■ WHAT TO WORK ON ■
Repeat the entries below exactly and in full.

■ GIVEN INFORMATION ■
(* Let $q\in\mathbb{N}$ be odd and square-free. Then for any fixed $\varepsilon>0$, \[\widehat{B}_3(q)\ll_{\varepsilon}q^{\varepsilon}\,\widehat{B}_2(q),\] the implied constant depending only on $\varepsilon$.
   Context: For an integral quadratic form $Q$ in $n$ variables, $\widehat{m}(Q;q):=\min\{\|\mathbf{x}\|:\ \mathbf{x}\in\mathbb{Z}^n\setminus\{\mathbf{0}\},\ \exists t\in\mathbb{Z},\ Q(\mathbf{x})\equiv t^2\pmod q\}$, with $\|\cdot\|$ the Euclidean norm, and $\widehat{B}_n(q):=\max_Q\widehat{m}(Q;q)$, the maximum over all integral quadratic forms $Q$ in $n$ variables with $\gcd(\det(Q),q)=1$. Since $q$ is odd, $Q$ is represented modulo $q$ by a symmetric integer matrix $M$ with $Q(\mathbf{x})\equiv\mathbf{x}^TM\mathbf{x}\pmod q$, and $\det(Q)$ means $\det(M)$. *)

From HB Require Import structures.
From mathcomp Require Import all_boot all_order all_algebra.
From mathcomp Require Import all_classical all_reals exp.
Set Implicit Arguments. Unset Strict Implicit. Unset Printing Implicit Defensive.
Import Order.TTheory GRing.Theory Num.Theory.
Local Open Scope classical_set_scope.
Local Open Scope ring_scope.

Definition squarefree (q : nat) : Prop :=
  forall p : nat, prime p -> ~~ (p ^ 2 %| q)%N.

Definition qform (n : nat) (M : 'M[int]_n) (x : 'cV[int]_n) : int :=
  (x^T *m M *m x) 0 0.

Definition eucl_norm (R : realType) (n : nat) (x : 'cV[int]_n) : R :=
  Num.sqrt (\sum_(i < n) ((x i 0) ^+ 2)%:~R).

Definition mhat (R : realType) (n : nat) (M : 'M[int]_n) (q : nat) : R :=
  inf [set eucl_norm R x | x in
        [set x : 'cV[int]_n | x != 0 /\
           exists t : int, (qform M x == t ^+ 2 %[mod q%:Z])%Z]].

Definition Bhat (R : realType) (n : nat) (q : nat) : R :=
  sup [set mhat R M q | M in
        [set M : 'M[int]_n | M^T = M /\ coprimez (\det M) q%:Z]].
Let g_ge0 (x : R) : 0 <= x -> 0 <= g x.
Proof.
move=> x_ge0.
have -> : 0 = g 0 by rewrite /g /mgf expR0 mulr1 subrK mul0r addr0 divr1 subrr.
apply: (@ger0_derive1_ndecr _ g 0 x) => //.
- by move=> y _; case: (g_derive y).
- by move=> y _; rewrite derive1E; case: (g_derive y) => _ ->.
- by apply: derivable_within_continuous => y _; case: (g_derive y).
Qed.

Let k_derive (x : R) :
  is_derive x 1 k (- (expR (- (x * q + x ^+ 2 / 8)) * mgf x * g x)).
Proof.
have : is_derive x 1 (fun y : R => - (y * q + y ^+ 2 / 8)) (- (q + x / 4)).
  by apply: is_derive_eq; rewrite /GRing.scale /=; field.
move/(is_derive1_comp (is_derive_expR _)) => expR_derive.
have mgf_neq0 := lt0r_neq0 (mgf_gt0 x).
rewrite /k; apply: is_derive_eq; rewrite /GRing.scale /= /g.
by rewrite /mgf in mgf_neq0 *; field.
Qed.

(* [k' = - e^(..) mgf g] and [g >= 0] on [0, +oo) (since [g 0 = 0], [g' >= 0]),
   so [k s <= k 0 = 1]. *)
Lemma hoeffding_bernoulli (s : R) :
  0 <= s -> 1 - q + q * expR s <= expR (s * q + s ^+ 2 / 8).
Proof.
move=> s_ge0; have : k s <= k 0.
  apply: (ler0_derive1_le_cc (f := k) (a := 0) (b := s));
    rewrite ?in_itv /= ?lexx ?s_ge0 //.
  - move=> y; rewrite in_itv /= => /andP[y_ge0 _].
    rewrite derive1E; case: (k_derive y) => _ ->; rewrite oppr_le0.
    by rewrite !mulr_ge0 ?expR_ge0 ?g_ge0 ?ltW ?mgf_gt0.
  - by apply: derivable_within_continuous => y _; case: (k_derive y).
rewrite /k /mgf expR0 mulr1 subrK mul0r expr0n /= mul0r addr0 oppr0 expR0.
by rewrite mulr1 expRN ler_pdivrMr ?expR_gt0 // mul1r.
Qed.

End HoeffdingBernoulli.

Section IIDSamples.
Variables (R : realType) (T : finType) (mu : T -> R).
Hypotheses (mu_ge0 : forall t, 0 <= mu t) (mu_sum1 : \sum_t mu t = 1).
Variable n : nat.
Local Notation sample := {ffun 'I_n -> T}.

Definition iid_prob (A : pred sample) : R :=
  \sum_(P | A P) \prod_v mu (P v).

Lemma iid_weight_ge0 (P : sample) : 0 <= \prod_v mu (P v).
Proof. by apply: prodr_ge0 => v _; apply: mu_ge0. Qed.

Lemma iid_prob_union_bound (I : finType) (A : I -> pred sample)
    (B : pred sample) :
  (forall P, B P -> exists i, A i P) -> iid_prob B <= \sum_i iid_prob (A i).
Proof.
move=> BA; rewrite /iid_prob big_mkcond /=.
under [leRHS]eq_bigr do rewrite big_mkcond /=.
rewrite [leRHS]exchange_big /=; apply: ler_sum => P _.
case: ifP => [/BA [i Ai] | _]; last first.
  by apply: sumr_ge0 => i _; case: ifP; rewrite ?iid_weight_ge0.
rewrite (bigD1 i) //= Ai lerDl; apply: sumr_ge0 => j _.
by case: ifP; rewrite ?iid_weight_ge0.
Qed.

Lemma iid_expectation_prod (g : T -> R) :
  \sum_(P : sample) \prod_v (mu (P v) * g (P v))
  = (\sum_t mu t * g t) ^+ n.
Proof.
by rewrite -(bigA_distr_bigA (fun _ t => mu t * g t)) prodr_const card_ord.
Qed.

Lemma card_set_natr (P : sample) (b : pred T) :
  #|[set v | b (P v)]|%:R = \sum_v (b (P v))%:R :> R.
Proof.
rewrite -sum1_card natr_sum big_mkcond /=.
by apply: eq_bigr => v _; rewrite inE; case: (b (P v)).
Qed.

■ THE ANSWER ■
(* Let $q\in\mathbb{N}$ be odd and square-free. Then for any fixed $\varepsilon>0$, \[\widehat{B}_3(q)\ll_{\varepsilon}q^{\varepsilon}\,\widehat{B}_2(q),\] the implied constant depending only on $\varepsilon$.
   Context: For an integral quadratic form $Q$ in $n$ variables, $\widehat{m}(Q;q):=\min\{\|\mathbf{x}\|:\ \mathbf{x}\in\mathbb{Z}^n\setminus\{\mathbf{0}\},\ \exists t\in\mathbb{Z},\ Q(\mathbf{x})\equiv t^2\pmod q\}$, with $\|\cdot\|$ the Euclidean norm, and $\widehat{B}_n(q):=\max_Q\widehat{m}(Q;q)$, the maximum over all integral quadratic forms $Q$ in $n$ variables with $\gcd(\det(Q),q)=1$. Since $q$ is odd, $Q$ is represented modulo $q$ by a symmetric integer matrix $M$ with $Q(\mathbf{x})\equiv\mathbf{x}^TM\mathbf{x}\pmod q$, and $\det(Q)$ means $\det(M)$. *)

From HB Require Import structures.
From mathcomp Require Import all_boot all_order all_algebra.
From mathcomp Require Import all_classical all_reals exp.
Set Implicit Arguments. Unset Strict Implicit. Unset Printing Implicit Defensive.
Import Order.TTheory GRing.Theory Num.Theory.
Local Open Scope classical_set_scope.
Local Open Scope ring_scope.

Definition squarefree (q : nat) : Prop :=
  forall p : nat, prime p -> ~~ (p ^ 2 %| q)%N.

Definition qform (n : nat) (M : 'M[int]_n) (x : 'cV[int]_n) : int :=
  (x^T *m M *m x) 0 0.

Definition eucl_norm (R : realType) (n : nat) (x : 'cV[int]_n) : R :=
  Num.sqrt (\sum_(i < n) ((x i 0) ^+ 2)%:~R).

Definition mhat (R : realType) (n : nat) (M : 'M[int]_n) (q : nat) : R :=
  inf [set eucl_norm R x | x in
        [set x : 'cV[int]_n | x != 0 /\
           exists t : int, (qform M x == t ^+ 2 %[mod q%:Z])%Z]].

Definition Bhat (R : realType) (n : nat) (q : nat) : R :=
  sup [set mhat R M q | M in
        [set M : 'M[int]_n | M^T = M /\ coprimez (\det M) q%:Z]].
Let g_ge0 (x : R) : 0 <= x -> 0 <= g x.
Proof.
move=> x_ge0.
have -> : 0 = g 0 by rewrite /g /mgf expR0 mulr1 subrK mul0r addr0 divr1 subrr.
apply: (@ger0_derive1_ndecr _ g 0 x) => //.
- by move=> y _; case: (g_derive y).
- by move=> y _; rewrite derive1E; case: (g_derive y) => _ ->.
- by apply: derivable_within_continuous => y _; case: (g_derive y).
Qed.

Let k_derive (x : R) :
  is_derive x 1 k (- (expR (- (x * q + x ^+ 2 / 8)) * mgf x * g x)).
Proof.
have : is_derive x 1 (fun y : R => - (y * q + y ^+ 2 / 8)) (- (q + x / 4)).
  by apply: is_derive_eq; rewrite /GRing.scale /=; field.
move/(is_derive1_comp (is_derive_expR _)) => expR_derive.
have mgf_neq0 := lt0r_neq0 (mgf_gt0 x).
rewrite /k; apply: is_derive_eq; rewrite /GRing.scale /= /g.
by rewrite /mgf in mgf_neq0 *; field.
Qed.

(* [k' = - e^(..) mgf g] and [g >= 0] on [0, +oo) (since [g 0 = 0], [g' >= 0]),
   so [k s <= k 0 = 1]. *)
Lemma hoeffding_bernoulli (s : R) :
  0 <= s -> 1 - q + q * expR s <= expR (s * q + s ^+ 2 / 8).
Proof.
move=> s_ge0; have : k s <= k 0.
  apply: (ler0_derive1_le_cc (f := k) (a := 0) (b := s));
    rewrite ?in_itv /= ?lexx ?s_ge0 //.
  - move=> y; rewrite in_itv /= => /andP[y_ge0 _].
    rewrite derive1E; case: (k_derive y) => _ ->; rewrite oppr_le0.
    by rewrite !mulr_ge0 ?expR_ge0 ?g_ge0 ?ltW ?mgf_gt0.
  - by apply: derivable_within_continuous => y _; case: (k_derive y).
rewrite /k /mgf expR0 mulr1 subrK mul0r expr0n /= mul0r addr0 oppr0 expR0.
by rewrite mulr1 expRN ler_pdivrMr ?expR_gt0 // mul1r.
Qed.

End HoeffdingBernoulli.

Section IIDSamples.
Variables (R : realType) (T : finType) (mu : T -> R).
Hypotheses (mu_ge0 : forall t, 0 <= mu t) (mu_sum1 : \sum_t mu t = 1).
Variable n : nat.
Local Notation sample := {ffun 'I_n -> T}.

Definition iid_prob (A : pred sample) : R :=
  \sum_(P | A P) \prod_v mu (P v).

Lemma iid_weight_ge0 (P : sample) : 0 <= \prod_v mu (P v).
Proof. by apply: prodr_ge0 => v _; apply: mu_ge0. Qed.

Lemma iid_prob_union_bound (I : finType) (A : I -> pred sample)
    (B : pred sample) :
  (forall P, B P -> exists i, A i P) -> iid_prob B <= \sum_i iid_prob (A i).
Proof.
move=> BA; rewrite /iid_prob big_mkcond /=.
under [leRHS]eq_bigr do rewrite big_mkcond /=.
rewrite [leRHS]exchange_big /=; apply: ler_sum => P _.
case: ifP => [/BA [i Ai] | _]; last first.
  by apply: sumr_ge0 => i _; case: ifP; rewrite ?iid_weight_ge0.
rewrite (bigD1 i) //= Ai lerDl; apply: sumr_ge0 => j _.
by case: ifP; rewrite ?iid_weight_ge0.
Qed.

Lemma iid_expectation_prod (g : T -> R) :
  \sum_(P : sample) \prod_v (mu (P v) * g (P v))
  = (\sum_t mu t * g t) ^+ n.
Proof.
by rewrite -(bigA_distr_bigA (fun _ t => mu t * g t)) prodr_const card_ord.
Qed.

Lemma card_set_natr (P : sample) (b : pred T) :
  #|[set v | b (P v)]|%:R = \sum_v (b (P v))%:R :> R.
Proof.
rewrite -sum1_card natr_sum big_mkcond /=.
by apply: eq_bigr => v _; rewrite inE; case: (b (P v)).
Qed.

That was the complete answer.